Problems with D-Bus on the Linux desktop

Published: (December 15, 2025 at 02:07 PM EST)
3 min read

Source: Hacker News

What is D‑Bus?

Everyone has heard about D‑Bus, but what is it, actually?

D‑Bus’ idea is simple: let applications, services and other things expose methods or properties in a way that other apps can find them in one place, on the bus.

For example, a weather‑monitoring service can expose a weather API on the bus. Any application can then discover that service and use it, instead of each app implementing its own communication with weather providers.

What went wrong?

D‑Bus is a lenient, unorganized and forgiving bus. These traits lead to fundamental conceptual problems:

  • Objects on the bus can register whatever they want.
  • Objects can call whatever they want, however they want, whenever they want.
  • The protocol allows, and even incentivises, vendor‑specific unchecked garbage.

In practice this results in “Garbage in, garbage out.”

D‑Bus standards

Part 1

Apps need to communicate, but the documentation is scattered, unfinished, or unreadable, and many clients ignore it.

Some examples of the existing (often confusing) documentation:

Image 1
Image 2
Image 3

The standards are a mess, and implementors frequently do not follow them.

Part 2

Even when a spec exists, there is little enforcement. Anonymous calls with arbitrary data are common.

Story: While writing xdg‑desktop‑portal‑hyprland, I followed the portal documentation and implemented the required D‑Bus protocols. The implementation worked, but when I added “restore tokens” (a spec‑compliant mechanism), no application used it. Everyone had created their own undocumented variant, forcing me to copy KDE’s implementation instead.
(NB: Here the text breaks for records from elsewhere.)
Lemma ps_vec_one : ps_vec (@psone R n) = @dirac0 _ R.
Proof.
apply: functional_extensionality => x; rewrite /ps_vec /psone /dirac0.
congr (if _ then _ else _); apply/andP/forallP => [[/forallP H1 H2] [k|] //|H].
by split; [apply/forallP => k|]; exact: H.
Qed.

Lemma psmulA : associative (@psmul R n).
Proof.
by move=> f g h; apply: ps_vec_inj; rewrite !ps_vec_mul;
  apply: functional_extensionality => w; rewrite conv_assoc.
Qed.

Lemma psmul1 : left_id (@psone R n) (@psmul R n).
Proof.
by move=> f; apply: ps_vec_inj; rewrite ps_vec_mul ps_vec_one;
  apply: functional_extensionality => w; rewrite conv1.
Qed.

Lemma pspowD (f : ps R n) a b : pspow f (a + b) = psmul (pspow f a) (pspow f b).
Proof.
elim: a => [|a IH]; first by rewrite add0n /= psmul1.
by rewrite addSn /= IH psmulA.
Qed.

Lemma big_pspow (I : Type) (r : seq I) (P : pred I) (e : I -> nat) (f : ps R n) :
  \big[@psmul R n/@psone R n]_(i <- r | P i) pspow f (e i) = pspow f (\sum_(i <- r | P i) e i)%N.
Proof. by apply: (big_ind2 (fun x k => x = pspow f k)) => // _ a _ b -> ->; rewrite pspowD. Qed.

End PowerSeries.

Section PartialSums.
Variable n : nat.
Implicit Types (a b : 'I_n -> int) (k : 'I_n).

(* [q^a = r^(psum a)], as [q_i = r_i ... r_n]. *)
Definition psum a : 'I_n -> int := fun k => \sum_(l < n | (l <= k)%N) a l.
Definition pdiff b : 'I_n -> int :=
  fun k => b k - (if (k : nat) is j.+1 then b (insubd k j) else 0).

Lemma psum_nat a k k0 : psum a k = \sum_(0 <= l < k.+1) a (insubd k0 l).
Proof.
rewrite big_mkord (big_ord_widen n (fun i => a (insubd k0 i))) ?ltn_ord //.
by apply: eq_big => [l|l _] /=; [rewrite ltnS | rewrite valKd].
Qed.

Lemma insubd_irr k k0 j : (j < n)%N -> insubd k j = insubd k0 j.
Proof. by move=> jn; apply: val_inj; rewrite !val_insubd jn. Qed.
Lemma malg_tensor_is_tensor n : is_tensor (@malg_tensor n).
Proof.
have tensorA : biadd (@malg_tensor n).
  split=> [a|a b d x e]; first exact: malg_map_additive.
  by apply: malg_mapD => z; apply: ideal_sub_inj; rewrite /= !ideal_subMz e mulrzDl.
split=> // U c [cA1 cA2].
have cA k : additive_fun (fun p : Ipow n => c p << k >>) by move=> p q; apply: cA2.
exists (mlift (fun k (p : Ipow n) => c p << k >>)); split.
- exact: mlift_additive.
- move=> a x; rewrite mlift_malg_map // [in RHS](monalgE x) (additive_fun_sum (cA1 a)).
  apply: eq_bigr => k _.
  by rewrite (malgU_int x@_k) (additive_funMz (cA k)) (additive_funMz (cA1 a)).
- move=> v vA vc; apply: malg_additive_ext => // [|p k]; first exact: mlift_additive.
  by rewrite mliftU // -vc /malg_tensor malg_mapU.
Qed.

Lemma malg_pseudo_free : pseudo_free_data (P := malg_imod) lattice_lam malg_tensor.
Proof.
split.
- by move=> n; apply: malg_int_free.
- by move=> k m h; apply: malg_map_additive.
- exact: malg_tensor_is_tensor.
- move=> n a b c x e; rewrite /= /malg_act /malg_tensor malg_map_comp.
  apply: eq_malg_map => // z; apply: ideal_sub_inj.
  by rewrite /= !ideal_subMz e mulrzAr.
- move=> k m h a a' x e; rewrite /= /malg_lam /malg_tensor /lattice_lam !malg_map_comp.
  by apply: eq_malg_map => // z; apply: ideal_sub_inj; rewrite /= !ideal_subMz e.
Qed.

Lemma malg_eval_special :
  special (P := malg_imod) (M := M) lattice_lam malg_tensor malg_eval lattice_eval.
Proof.
split; first split.
- by move=> n; apply/mlift_additive/act_additive_l.
- move=> n a x; rewrite /= /malg_eval mlift_malg_map //; last exact: act_additive_l.
  rewrite additive_mlift; last exact: act_addr.
  by apply: eq_mlift => y c; apply: act_mul.
- move=> k m h x; rewrite /= /malg_eval mlift_malg_map //; last exact: act_additive_l.
  rewrite additive_mlift; last exact: lam_add.
  by apply: eq_mlift => y c; apply/esym/lam_act.
- by move=> n; apply/mlift_additive/intmul_additive.
- move=> k m h x; rewrite /lattice_eval mlift_malg_map //; last exact: intmul_additive.
  rewrite additive_mlift; last exact: lam_add.
  by apply: eq_mlift => y z; apply: additive_funMz; apply: lam_add.
- move=> n a x; rewrite /= /malg_eval mlift_malg_map //; last exact: act_additive_l.
  rewrite additive_mlift; last exact: act_addr.
  apply: eq_mlift => y z.
  by rewrite (additive_funMz (@act_additive_l n y)) (additive_funMz (act_addr a)).
Qed.

Lemma malg_eval_image n (y : X n) : (exists p, malg_eval p = y) <-> imod_prod y.
Proof.
have evalA := mlift_additive (@act_additive_l n).
split=> [[p <-]|].
- apply: subgroup_sum => [||k]; [exact: addspan0 | exact: addspanB |].
  by apply: addspan_in; exists p@_k, k.
- elim=> [_ [a [x ->]]| |_ _ _ [p <-] _ [q <-]].
  + exists << (a : Ipow n) *g x >>.
    by rewrite /malg_eval mliftU //; apply: act_additive_l.
  + by exists 0; apply: additive_fun0.
  + by exists (p - q); apply: additive_funB.
Qed.

End MalgModule.

Theorem lemma1p4 (A : pzRingType) (I : A -> Prop) (hI : is_ideal I) (M : imod I) :
  exists (P : imod I) (L : nat -> zmodType)
         (sigma : forall k m, (m <= k)%N -> L k -> L m)
         (beta : forall n, ipt I n -> L n -> car P n)
         (f : forall n, car P n -> car M n) (g : forall n, L n -> car M n),
    [/\ pseudo_free_data sigma beta,
        special sigma beta f g
      & forall n (y : car M n), (exists p, f n p = y) <-> imod_prod y].
Proof.
exists (malg_imod hI M), (fun n => {malg int[car M n]}), (@lattice_lam _ _ M),
  (@malg_tensor _ _ hI M), (@malg_eval _ _ hI M), (@lattice_eval _ _ M).
split; [exact: malg_pseudo_free | exact: malg_eval_special | exact: malg_eval_image].
Qed.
The spec even advertises a restore_token property on SelectSources and Start, yet no app uses it; they use a different restore_data field.

Part 3

Many protocols rely on variants (e.g., a{sv} – an array of string‑variant pairs). Allowing such loosely typed data encourages apps to send random information and hope the other side can interpret it, a pattern that has caused repeated failures (similar to X atoms).

Part 4

Permissions are effectively absent. Everyone can see everything and invoke any method. There is no universal notion of “rejection”; each protocol must define its own error handling. This lack of security is a primary reason Flatpak apps cannot see the session bus.

Part 5

Secret stores like kwallet or gnome‑keyring can be unlocked with a password, encrypting data on disk. However, once unlocked, any application on the bus can read all stored secrets without user awareness.

Enough is enough

I am fed up with D‑Bus. While a session (and later system) bus would be useful for my ecosystem, I cannot tolerate the current state of D‑Bus.

Therefore, I am creating a new bus from scratch, avoiding the many problematic design choices of D‑Bus.

XKCD 927

Many quote this XKCD comic when implementing new systems, but the situation differs. With Wayland, switching away from X11 means you cannot run an X11 session alongside a Wayland session. However, you can run multiple D‑Bus‑like session buses simultaneously (two, three, or more). A proxy client could translate between them, enabling gradual migration.

Wire

The first component I focused on was hyprwire, a wire protocol for Hypr* tools such as hyprlauncher, hyprpaper, etc.

Key strengths of the wire protocol:

  • Consistency: Types and message arguments are enforced; no a{sv} or “just send something.”
  • Simplicity: Fast and straightforward; no complex struct types.
  • Speed: Quick handshakes and protocol exchanges; connections are established rapidly.

Hyprwire is already used for IPC in hyprpaper, hyprlauncher, and parts of hyprctl.

Bus

The bus itself is called hyprtavern. It is not a direct replacement for D‑Bus but serves a similar purpose.

  • Applications register objects on the bus, exposing protocols and key properties defined by those protocols.
  • Other applications can discover these objects by connecting to the bus.

In this model, hyprtavern acts like a tavern: each app is a client that can interact with the objects registered by other apps.